Absent a backstop for the banksters, that racket can only go on for as long as indentured servants are more productive than free people.
it was a similar problem Southern slavery faced: with emerging mechanization, it just wasn’t particularly productive anymore. Paying some dude to ride next to, and whip, some other dude to drive a mechanized harvester faster, simply doesn’t provide good return on investment.
All “indentured servants” ever do, is the absolute minimum they can get away with. While someone working his own land, busts his rear end, since it, and the fruits it brings, will also be his tomorrow.
So, if the banks foreclosed and took over, they would never get back as much value from their servants, as they lent the farmer in the first place.

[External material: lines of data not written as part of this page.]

Lemma quadratic_nonneg_const_pos (a b c : R) : b <> 0 ->
  (forall t, 0 <= c + 2 * b * t + a * (t * t)) -> 0 < c.
Proof.
  intros Hb H. destruct (Rlt_or_le 0 c) as [Hc|Hc]; auto. exfalso.
  assert (Ha1 : 0 < Rabs a + 1) by (pose proof (Rabs_pos a); lra).
  set (s := / (Rabs a + 1)).
  assert (Hs : 0 < s) by (apply Rinv_0_lt_compat; exact Ha1).
  assert (Has : a * s < 1).
  { apply (Rmult_lt_reg_r (Rabs a + 1)); [exact Ha1|]. unfold s.
    rewrite Rmult_assoc, Rinv_l, Rmult_1_r, Rmult_1_l by lra. pose proof (Rle_abs a); lra. }
  assert (Hbbs : 0 < b * b * s) by (apply Rmult_lt_0_compat; [nra|exact Hs]).
  specialize (H (- b * s)).
  (* the value at t = -b s is c + b^2 s (a s - 2) < 0 *)
  nra.
Qed.

Section Levels.
Context {V : Type} (par : V -> V) (lev : V -> nat).
Hypothesis Hlev : forall x, lev (par x) = S (lev x).

Lemma lev_iter n z : lev (Nat.iter n par z) = (n + lev z)%nat.
Proof. induction n as [|n IH]; [reflexivity|]. now rewrite Nat.iter_succ, Hlev, IH. Qed.

Lemma par_neq x : par x <> x.
Proof. intros E. pose proof (Hlev x) as L. rewrite E in L. lia. Qed.

Fixpoint path_prod (f : V -> R) (n : nat) (z : V) : R :=
  match n with O => 1 | S n' => f z * path_prod f n' (par z) end.

Lemma path_prod_add f n k x :
  path_prod f (n + k) x = path_prod f n x * path_prod f k (Nat.iter n par x).
Proof.
  revert x; induction n as [|n IH]; intros x.
  - cbn [path_prod Nat.add Nat.iter nat_rect]. ring.
  - rewrite Nat.iter_succ_r. cbn [path_prod Nat.add]. rewrite IH. ring.
Qed.

Lemma path_prod_pos f : (forall x, 0 < f x) -> forall n x, 0 < path_prod f n x.
Proof. intros Hf n; induction n; intros x; cbn; [lra|]. apply Rmult_lt_0_compat; auto. Qed.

This is also the reason it wouldn’t be a problem for most non banksters if the US just gave up on the dollar and switched to a proper sound money system tomorrow. “Everyone” would go bankrupt, the banks would take it all, and then have nothing better to do with it than firesell it. Which is, of course, why the banksters and their well indoctrinated in-thrall sycophants, keep speaking of bankruptcy as if it’s some sort of bad thing. Which it, for most people, is not at all, as long as it affects everyone at once,. in one big bang of a reshuffle.
Regardless of statistics, it is obvious that the potential benefits of incremental technological progress are not reaching a wheel-spinning, debt-trapped public. This is the result of having an economic system conceived to control people (through the monetary and employment systems) rather than to release them from financial concerns to live their lives in their own way.